[[ Provided records open ]]

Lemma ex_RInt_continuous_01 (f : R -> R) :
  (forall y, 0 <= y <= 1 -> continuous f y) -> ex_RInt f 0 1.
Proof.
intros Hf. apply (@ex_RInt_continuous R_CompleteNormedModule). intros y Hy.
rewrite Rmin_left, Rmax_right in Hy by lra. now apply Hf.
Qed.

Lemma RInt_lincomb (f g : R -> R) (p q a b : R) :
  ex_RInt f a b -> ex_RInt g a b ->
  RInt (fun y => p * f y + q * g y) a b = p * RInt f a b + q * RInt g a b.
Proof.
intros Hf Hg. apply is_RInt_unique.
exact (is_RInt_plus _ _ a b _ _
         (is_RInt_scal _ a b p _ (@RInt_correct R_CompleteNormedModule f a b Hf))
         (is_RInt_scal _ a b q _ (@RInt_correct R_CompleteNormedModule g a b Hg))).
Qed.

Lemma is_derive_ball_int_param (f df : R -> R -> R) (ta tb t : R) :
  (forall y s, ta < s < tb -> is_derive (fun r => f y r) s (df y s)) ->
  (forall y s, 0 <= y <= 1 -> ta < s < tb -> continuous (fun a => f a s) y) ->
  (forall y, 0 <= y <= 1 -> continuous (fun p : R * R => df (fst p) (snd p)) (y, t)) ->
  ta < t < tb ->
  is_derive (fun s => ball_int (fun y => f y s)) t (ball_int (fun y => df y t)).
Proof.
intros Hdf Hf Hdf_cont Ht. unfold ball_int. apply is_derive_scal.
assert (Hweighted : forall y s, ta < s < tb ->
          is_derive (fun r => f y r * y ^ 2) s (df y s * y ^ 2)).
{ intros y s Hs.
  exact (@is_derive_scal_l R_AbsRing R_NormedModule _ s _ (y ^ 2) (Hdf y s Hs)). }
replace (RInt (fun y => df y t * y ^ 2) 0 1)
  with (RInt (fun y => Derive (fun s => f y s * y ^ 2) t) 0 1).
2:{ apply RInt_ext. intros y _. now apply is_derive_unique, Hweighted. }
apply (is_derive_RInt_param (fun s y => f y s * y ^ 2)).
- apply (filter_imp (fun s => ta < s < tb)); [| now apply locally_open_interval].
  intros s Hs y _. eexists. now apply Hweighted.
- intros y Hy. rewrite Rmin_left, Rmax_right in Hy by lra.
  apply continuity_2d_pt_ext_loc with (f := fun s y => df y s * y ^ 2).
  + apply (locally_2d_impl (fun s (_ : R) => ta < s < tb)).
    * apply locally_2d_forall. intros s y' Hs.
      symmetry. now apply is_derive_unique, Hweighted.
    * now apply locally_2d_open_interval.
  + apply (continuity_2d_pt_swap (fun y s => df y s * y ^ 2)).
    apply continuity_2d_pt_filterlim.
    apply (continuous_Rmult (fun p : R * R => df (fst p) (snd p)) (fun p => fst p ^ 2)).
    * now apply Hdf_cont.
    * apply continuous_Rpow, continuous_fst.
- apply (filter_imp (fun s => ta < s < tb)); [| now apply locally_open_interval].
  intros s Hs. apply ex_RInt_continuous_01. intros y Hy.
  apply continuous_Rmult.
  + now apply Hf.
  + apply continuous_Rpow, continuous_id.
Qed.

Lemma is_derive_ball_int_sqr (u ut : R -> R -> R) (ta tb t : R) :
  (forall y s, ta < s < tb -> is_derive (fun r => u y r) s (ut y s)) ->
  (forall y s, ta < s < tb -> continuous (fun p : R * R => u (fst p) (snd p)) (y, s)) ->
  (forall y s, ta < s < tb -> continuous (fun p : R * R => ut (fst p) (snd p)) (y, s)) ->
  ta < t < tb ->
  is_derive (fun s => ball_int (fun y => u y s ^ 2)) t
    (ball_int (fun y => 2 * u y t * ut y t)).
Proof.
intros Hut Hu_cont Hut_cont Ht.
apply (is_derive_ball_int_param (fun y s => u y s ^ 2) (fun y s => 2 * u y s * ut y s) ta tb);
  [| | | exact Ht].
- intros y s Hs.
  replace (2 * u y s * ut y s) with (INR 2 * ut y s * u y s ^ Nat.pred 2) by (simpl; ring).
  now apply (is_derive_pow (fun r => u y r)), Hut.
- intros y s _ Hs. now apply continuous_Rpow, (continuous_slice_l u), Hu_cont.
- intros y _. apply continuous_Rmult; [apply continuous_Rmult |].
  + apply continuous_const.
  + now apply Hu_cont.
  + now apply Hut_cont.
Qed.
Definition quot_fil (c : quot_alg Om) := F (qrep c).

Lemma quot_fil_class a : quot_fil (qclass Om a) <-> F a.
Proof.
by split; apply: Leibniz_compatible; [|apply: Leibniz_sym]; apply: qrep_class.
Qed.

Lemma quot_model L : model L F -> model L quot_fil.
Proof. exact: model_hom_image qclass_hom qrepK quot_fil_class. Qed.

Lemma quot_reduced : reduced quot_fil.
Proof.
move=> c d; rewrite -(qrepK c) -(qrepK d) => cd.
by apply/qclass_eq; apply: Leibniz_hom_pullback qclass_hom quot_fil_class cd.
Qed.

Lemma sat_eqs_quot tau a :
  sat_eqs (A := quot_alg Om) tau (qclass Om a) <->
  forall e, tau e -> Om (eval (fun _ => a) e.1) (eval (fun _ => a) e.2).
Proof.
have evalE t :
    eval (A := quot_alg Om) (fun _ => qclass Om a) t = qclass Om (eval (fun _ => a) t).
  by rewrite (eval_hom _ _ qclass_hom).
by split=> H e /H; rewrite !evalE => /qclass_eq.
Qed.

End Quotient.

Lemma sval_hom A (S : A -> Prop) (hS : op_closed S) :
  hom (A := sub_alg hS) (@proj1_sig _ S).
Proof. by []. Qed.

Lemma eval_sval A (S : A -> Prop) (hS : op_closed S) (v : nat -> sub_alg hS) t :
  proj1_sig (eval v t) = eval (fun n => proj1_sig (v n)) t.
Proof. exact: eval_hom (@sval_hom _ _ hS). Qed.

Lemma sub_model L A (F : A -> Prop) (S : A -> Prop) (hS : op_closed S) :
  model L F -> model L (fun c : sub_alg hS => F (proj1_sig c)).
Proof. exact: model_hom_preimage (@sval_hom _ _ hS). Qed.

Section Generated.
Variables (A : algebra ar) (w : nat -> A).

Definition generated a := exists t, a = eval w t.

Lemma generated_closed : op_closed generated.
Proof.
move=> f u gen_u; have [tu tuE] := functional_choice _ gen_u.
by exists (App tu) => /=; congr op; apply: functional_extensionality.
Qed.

[[ Provided records closed ]]
[[ Provided records open ]]

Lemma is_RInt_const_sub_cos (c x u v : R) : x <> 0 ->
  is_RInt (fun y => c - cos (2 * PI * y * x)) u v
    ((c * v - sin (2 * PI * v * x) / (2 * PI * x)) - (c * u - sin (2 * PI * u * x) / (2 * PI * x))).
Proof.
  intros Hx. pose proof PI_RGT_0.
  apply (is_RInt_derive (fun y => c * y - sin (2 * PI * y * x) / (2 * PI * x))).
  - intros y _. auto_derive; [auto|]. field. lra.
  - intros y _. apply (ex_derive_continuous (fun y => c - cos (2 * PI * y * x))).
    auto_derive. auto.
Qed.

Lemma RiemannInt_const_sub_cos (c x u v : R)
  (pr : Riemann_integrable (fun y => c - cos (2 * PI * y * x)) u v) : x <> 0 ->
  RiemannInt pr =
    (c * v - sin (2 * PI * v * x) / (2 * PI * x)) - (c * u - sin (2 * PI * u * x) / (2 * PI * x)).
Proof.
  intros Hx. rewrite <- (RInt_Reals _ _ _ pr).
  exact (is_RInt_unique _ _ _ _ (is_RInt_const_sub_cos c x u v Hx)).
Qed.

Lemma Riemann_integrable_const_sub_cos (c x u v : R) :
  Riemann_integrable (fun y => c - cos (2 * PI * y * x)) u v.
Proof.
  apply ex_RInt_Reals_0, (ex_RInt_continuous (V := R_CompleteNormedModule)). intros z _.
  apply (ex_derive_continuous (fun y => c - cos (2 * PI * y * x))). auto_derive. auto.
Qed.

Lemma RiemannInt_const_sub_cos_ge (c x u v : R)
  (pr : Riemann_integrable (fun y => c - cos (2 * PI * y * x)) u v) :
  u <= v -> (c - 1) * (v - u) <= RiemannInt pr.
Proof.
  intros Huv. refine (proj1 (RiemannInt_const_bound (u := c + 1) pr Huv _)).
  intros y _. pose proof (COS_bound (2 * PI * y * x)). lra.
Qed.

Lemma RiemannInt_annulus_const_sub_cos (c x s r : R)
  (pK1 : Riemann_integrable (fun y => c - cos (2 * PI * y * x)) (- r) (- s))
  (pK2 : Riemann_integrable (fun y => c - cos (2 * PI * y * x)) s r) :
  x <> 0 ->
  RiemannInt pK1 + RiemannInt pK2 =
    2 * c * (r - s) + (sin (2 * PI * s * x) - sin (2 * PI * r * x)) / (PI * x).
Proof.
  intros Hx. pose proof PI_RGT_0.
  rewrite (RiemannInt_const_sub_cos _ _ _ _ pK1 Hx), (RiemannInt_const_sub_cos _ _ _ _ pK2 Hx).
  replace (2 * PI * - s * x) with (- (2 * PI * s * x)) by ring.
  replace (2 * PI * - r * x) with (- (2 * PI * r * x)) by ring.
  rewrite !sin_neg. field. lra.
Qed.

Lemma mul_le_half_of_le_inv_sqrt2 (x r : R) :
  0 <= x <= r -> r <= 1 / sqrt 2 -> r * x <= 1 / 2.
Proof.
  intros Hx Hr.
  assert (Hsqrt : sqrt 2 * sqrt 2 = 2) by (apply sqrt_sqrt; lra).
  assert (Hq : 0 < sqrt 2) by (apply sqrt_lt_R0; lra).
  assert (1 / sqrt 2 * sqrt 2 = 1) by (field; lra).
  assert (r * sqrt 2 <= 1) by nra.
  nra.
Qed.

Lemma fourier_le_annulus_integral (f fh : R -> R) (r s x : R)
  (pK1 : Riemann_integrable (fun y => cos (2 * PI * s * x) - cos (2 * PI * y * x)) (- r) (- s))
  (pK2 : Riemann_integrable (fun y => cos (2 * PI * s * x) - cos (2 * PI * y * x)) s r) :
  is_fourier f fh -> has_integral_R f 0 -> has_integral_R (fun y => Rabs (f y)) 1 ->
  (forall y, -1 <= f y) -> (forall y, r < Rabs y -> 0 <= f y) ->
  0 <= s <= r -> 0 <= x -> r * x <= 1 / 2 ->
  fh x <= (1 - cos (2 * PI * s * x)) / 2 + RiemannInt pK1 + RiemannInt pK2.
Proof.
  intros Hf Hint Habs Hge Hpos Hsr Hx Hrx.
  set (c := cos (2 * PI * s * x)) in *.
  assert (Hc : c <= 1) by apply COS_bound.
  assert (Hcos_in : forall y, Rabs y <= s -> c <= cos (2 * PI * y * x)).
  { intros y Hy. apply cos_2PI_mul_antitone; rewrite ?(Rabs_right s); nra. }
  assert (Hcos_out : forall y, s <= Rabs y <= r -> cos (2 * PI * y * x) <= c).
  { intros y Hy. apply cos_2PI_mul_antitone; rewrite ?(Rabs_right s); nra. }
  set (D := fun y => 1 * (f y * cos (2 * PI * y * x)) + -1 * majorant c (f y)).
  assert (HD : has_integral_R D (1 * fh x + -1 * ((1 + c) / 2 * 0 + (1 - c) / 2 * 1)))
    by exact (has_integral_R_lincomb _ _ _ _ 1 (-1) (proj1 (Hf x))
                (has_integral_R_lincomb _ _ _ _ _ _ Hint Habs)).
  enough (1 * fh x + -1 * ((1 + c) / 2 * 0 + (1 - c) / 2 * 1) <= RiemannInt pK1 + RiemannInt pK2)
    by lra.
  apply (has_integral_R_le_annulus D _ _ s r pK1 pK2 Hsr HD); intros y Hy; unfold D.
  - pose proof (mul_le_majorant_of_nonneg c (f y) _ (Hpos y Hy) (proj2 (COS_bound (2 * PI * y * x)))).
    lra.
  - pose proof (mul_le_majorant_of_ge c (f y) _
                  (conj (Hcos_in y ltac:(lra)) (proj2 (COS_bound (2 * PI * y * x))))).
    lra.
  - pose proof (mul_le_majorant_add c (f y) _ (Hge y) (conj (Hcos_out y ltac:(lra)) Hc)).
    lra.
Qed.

[[ Provided records closed ]]

> _Activity_: Working from the entries above, filter out every line that lacks "conj" and copy what remains.

> _Task result_:
                  (conj (Hcos_in y ltac:(lra)) (proj2 (COS_bound (2 * PI * y * x))))).
  - pose proof (mul_le_majorant_add c (f y) _ (Hge y) (conj (Hcos_out y ltac:(lra)) Hc)).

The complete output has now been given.